Senate Vote To Support Reauthorization of Violence Against Women Bill Puts Conservatives Front and Center

Conservatives Just Don’t Understand Why a Law Protecting Women From Violence is Appropriate Government Policy

The role of government in many situations is clear.  A fundamental role of government indeed the most fundamental role is that it represents collective actions by the citizens of a political entity to protect those citizens against violence.  Given that women are highly vulnerable to violence compared to men, it would seem no one could argue with legislation that affords special protection to women from violent acts.

Of course those expecting such a law to pass are not familiar with Conservatives, who seem to believe that any and all actions of government are wrong.  So while the Senate has just passed a new version of the Violence Against Women law, it did so with some Republican support but against the wishes of Conservatives in the Senate.

The final vote, 68 to 31, including 15 Republicans who voted for reauthorization, belied the partisan maneuvering that preceded Senate action on the bill, which extended landmark legislation first passed in 1994 to give courts and law enforcement new tools to combat domestic violence. The latest version – the third reauthorization since 2000 – followed tradition and was drafted by a Democrat, Senator Patrick J. Leahy of Vermont, and a Republican, Senator Mike Crapo of Idaho.

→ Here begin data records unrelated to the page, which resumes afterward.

Lemma in_area_lbounded : exists M, forall x, in_area s x -> M <= x.
Proof.
elim: s => [|I s' [M HM]]; first by exists 0.
exists (Num.min (ilo I) M) => x /orP [|/HM Mx]; last by rewrite ge_min Mx orbT.
by rewrite ge_min /in_bitv; case: iclosed => /andP [lox _]; rewrite ?lox // ltW.
Qed.

Lemma in_area_le_upperU x : in_area s x -> x <= upperU s.
Proof.
move=> sx; apply: ub_le_sup => //.
by have [M HM] := in_area_ubounded; exists M => y /HM.
Qed.

Lemma lowerL_le_in_area x : in_area s x -> lowerL s <= x.
Proof.
move=> sx; apply: ge_inf => //.
by have [M HM] := in_area_lbounded; exists M => y /HM.
Qed.

Lemma upperU_le c : (exists x, in_area s x) ->
  (forall x, in_area s x -> x <= c) -> upperU s <= c.
Proof. by move=> [x sx] le_c; apply: ge_sup => [|y /le_c]; first by exists x. Qed.

Lemma le_lowerL c : (exists x, in_area s x) ->
  (forall x, in_area s x -> c <= x) -> c <= lowerL s.
Proof. by move=> [x sx] c_le; apply: lb_le_inf => [|y /c_le]; first by exists x. Qed.

End Areas.

Section CircuitConditions.
Variables (R : realDomainType) (T : finType) (Q C : {set T}) (e : T).
Variables (U w : T -> R) (Le : R).

Definition circuit_verified :=
  e |: [set f in C | w e < U f] \subset Q \/
  (forall f, f \in C -> w f <= Le) /\ [set f in C | Le < U f] \subset Q.

Lemma circuit_verifiedP :
  (forall f, f \in C -> w f <= U f) -> (forall f, f \in C -> w f <= w e) -> Le <= w e ->
  (forall f, f \in C -> (if f \in Q then w f else U f) <= (if e \in Q then w e else Le))
  <-> circuit_verified.
Proof.
move=> wU w_le_we Le_le_we; split => [le_fe | [eFhQ | [w_le_Le FQ]] f fC].
- have [eQ | eQ] := boolP (e \in Q); [left | right; split].
  + apply/subsetP => x /setU1P [-> // | ]; rewrite inE => /andP [xC].
    by apply: contraLR => xQ; rewrite -leNgt; move: (le_fe x xC); rewrite eQ (negbTE xQ).
  + move=> x xC; move: (le_fe x xC); rewrite (negbTE eQ).
    by case: ifP => // _; apply: le_trans (wU x xC).
  + apply/subsetP => x; rewrite inE => /andP [xC].
    by apply: contraLR => xQ; rewrite -leNgt; move: (le_fe x xC); rewrite (negbTE eQ) (negbTE xQ).
- rewrite (subsetP eFhQ e (setU11 _ _)); case: ifPn => fQ; first exact: w_le_we.
  rewrite leNgt; apply: contra fQ => lt_we_Uf.
  by apply: (subsetP eFhQ); rewrite !inE fC lt_we_Uf orbT.
- have Uf_le_Le : f \notin Q -> U f <= Le.
    by move=> fQ; rewrite leNgt; apply: contra fQ => lt_Le_Uf; apply: (subsetP FQ); rewrite inE fC.
  have [fQ | fQ] := boolP (f \in Q); case: ifP => _.
  + exact: w_le_we.
  + exact: w_le_Le.
  + exact: le_trans (Uf_le_Le fQ) Le_le_we.
  + exact: Uf_le_Le.
Qed.

Lemma circuit_verifiedE : circuit_verified <->
  [/\ ((forall f, f \in C -> U f <= w e) ->
       (exists2 f', f' \in C & Le < w f') -> e \in Q),
      ((forall f, f \in C -> U f <= w e) ->
       (forall f, f \in C -> w f <= Le) ->
       e \in Q \/ [set f in C | Le < U f] \subset Q),
      ((exists2 f, f \in C & w e < U f) ->
       (exists2 f', f' \in C & Le < w f') ->
       e |: [set f in C | w e < U f] \subset Q) &
      ((exists2 f, f \in C & w e < U f) ->
       (forall f', f' \in C -> w f' <= Le) ->
       [set f in C | Le < U f] \subset Q \/ e |: [set f in C | w e < U f] \subset Q)].
Proof.
rewrite /circuit_verified; set Fh := [set f in C | w e < U f].
have w_gt_Le_contra : (forall f, f \in C -> w f <= Le) ->
    (exists2 f', f' \in C & Le < w f') -> False.
  by move=> w_le [f' f'C]; rewrite ltNge w_le.
split=> [[eFhQ | [w_le_Le FQ]] | [H1 H2 H3 H4]].
- have eQ : e \in Q by apply: (subsetP eFhQ); rewrite setU11.
  by split=> *; [| left | | right].
- by split=> *; [exfalso; exact: w_gt_Le_contra | right |
                 exfalso; exact: w_gt_Le_contra | left].
have U_le_we : Fh = set0 -> forall f, f \in C -> U f <= w e.
  move=> Fh0 f fC; rewrite leNgt; apply/negP => lt_we_Uf.
  have : f \in Fh by rewrite inE fC lt_we_Uf.
  by rewrite Fh0 inE.
have w_gt_or_le :
    (exists2 f', f' \in C & Le < w f') \/ (forall f, f \in C -> w f <= Le).
  have [/exists_inP w_gt_Le | /exists_inP no_w_gt_Le] := boolP [exists f' in C, Le < w f'].
    by left.
  by right=> f fC; rewrite leNgt; apply/negP => lt_Le_wf; apply: no_w_gt_Le; exists f.
have [Fh0 | [f]] := set_0Vmem Fh.
  have eQ_eFhQ : e \in Q -> e |: Fh \subset Q by rewrite Fh0 setU0 sub1set.
  case: w_gt_or_le => [w_gt_Le | w_le_Le].
    by left; apply/eQ_eFhQ/H1 => //; exact: U_le_we.
  by case: (H2 (U_le_we Fh0) w_le_Le) => [/eQ_eFhQ | FQ]; [left | right].
rewrite inE => /andP [fC lt_we_Uf]; have Fh_ex : exists2 f, f \in C & w e < U f by exists f.
case: w_gt_or_le => [w_gt_Le | w_le_Le]; first by left; exact: H3.
by case: (H4 Fh_ex w_le_Le); [right | left].
Qed.
Lemma preserved_Dia k a : preserved k a -> preserved (S k) (Dia a).
Proof.
  intros Ha M M' s s' [_ Hback]; split; intros H w' Hw';
    destruct (Hback w' Hw') as [w [Hw [_ [Hforth_w Hback_w]]]].
  - destruct (H w Hw) as (t & Htw & [v Hv] & Ht).
    assert (Hsucc : sbisim k M (R M w) M' (R M' w')) by (split; assumption).
    exists (bisim_image k M M' (R M' w') t); split; [intros v' [? _]; assumption | split].
    + destruct (Hforth_w v (Htw v Hv)) as [v' [Hv' Hvv']]; exists v'; split; eauto.
    + exact (proj1 (Ha M M' t _ (sbisim_image _ _ _ _ _ _ Hsucc Htw)) Ht).
  - refine (proj2 (Ha M M' (R M w) (R M' w') _) (H w Hw)); split; assumption.
Qed.

Lemma depth_preserved (phi : form X) : forall k, depth phi <= k -> preserved k phi.
Proof.
  induction phi as [p | a IHa | a IHa b IHb | a IHa b IHb | a IHa | | a IHa b IHb];
    simpl; intros k Hk.
  - apply preserved_Var.
  - apply preserved_Neg, IHa, Hk.
  - apply preserved_And; [apply IHa | apply IHb]; lia.
  - apply preserved_Or; [apply IHa | apply IHb]; lia.
  - destruct k as [|k]; [lia |]; apply preserved_Dia, IHa; lia.
  - apply preserved_NE.
  - apply preserved_GOr; [apply IHa | apply IHb]; lia.
Qed.

End Invariance.

Theorem theorem3p15 (X : Type) (HX : finite_type X) (P : state_property X) :
  (exists phi : form X, forall (M : model X) (s : state M), P M s <-> extension phi M s) <->
  (exists k : nat, invariant_k k P).
Proof.
  split.
  - intros [phi Hphi]; exists (depth phi); intros M s M' s' HP Hss'.
    apply Hphi; apply Hphi in HP.
    exact (proj1 (depth_preserved phi (depth phi) (le_n _) M M' s s' Hss') HP).
  - destruct HX as [l Hl]; intros [k Hinv].
    destruct (powerlist_filter
                (fun C => exists M0 s0, P M0 s0 /\ supports M0 s0 (state_char C))
                (powerlist (hintikka l k))) as [Cs [_ HCs]].
    exists (BigGOr (map state_char Cs)); intros M s.
    unfold extension; rewrite supports_BigGOr; split.
    + intros HP; destruct (state_char_realized l k M s) as [C [HC Hs]].
      exists (state_char C); split; [apply in_map, HCs; split; eauto | exact Hs].
    + intros [phi [Hphi Hs]]; apply in_map_iff in Hphi as [C [<- HC]].
      apply HCs in HC as [HC [M0 [s0 [HP0 Hs0]]]].
      exact (Hinv M0 s0 M s HP0 (state_char_sbisim l Hl k C HC M0 M s0 s Hs0 Hs)).
Qed.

But it ran into a wall of Republican opposition in the Senate Judiciary Committee, and cleared the committee in February without a Republican vote. Amid partisan clashes over abortion and contraception, some Democrats saw the Violence Against Women Act as the next battle in what they framed as a Republican “war on women.”

Here is what Conservatives object to in the legislation.

House Republican women this week announced they would introduce a version of the violence act when they return from next week’s recess, with a final House vote expected by mid-May.

The House bill is likely to be stripped of three provisions that have incensed some conservatives. One would subject non-American Indian suspects of domestic violence to prosecution before American Indian tribal courts for crimes allegedly committed on reservations. Another would expand the number of temporary visas for victims of domestic violence who are illegal immigrants. The last would expand Violence Against Women Act protections to gay, bisexual or transgender victims of domestic abuse.

The issue with respect to trying defendants in American Indian tribal courts does seem like a reasonable objection, and it does not weaken prosecution or change the nature of the crime.  But notice the other two provisions that Conservatives object to and what they would do.  On the illegal immigration aspect Conservatives would refuse to allow alleged victims the protection of the United States, and sending them back to where they were possibly abused seems like just a cruel action.  As for denying protection to gay, bisexual or transgender victims, obviously the domestic violence those individuals may suffer is for Conservatives punishment for them leading their lives in ways that Conservatives object to.

So at the end of the day Conservatives may allow a version of the bill to become law, the political pressure being too great not to.  But based on their positions on this issue of domestic violence against the most vulnerable of people, no one need ever question their priorities, which is ideology and partisan politics over public safety.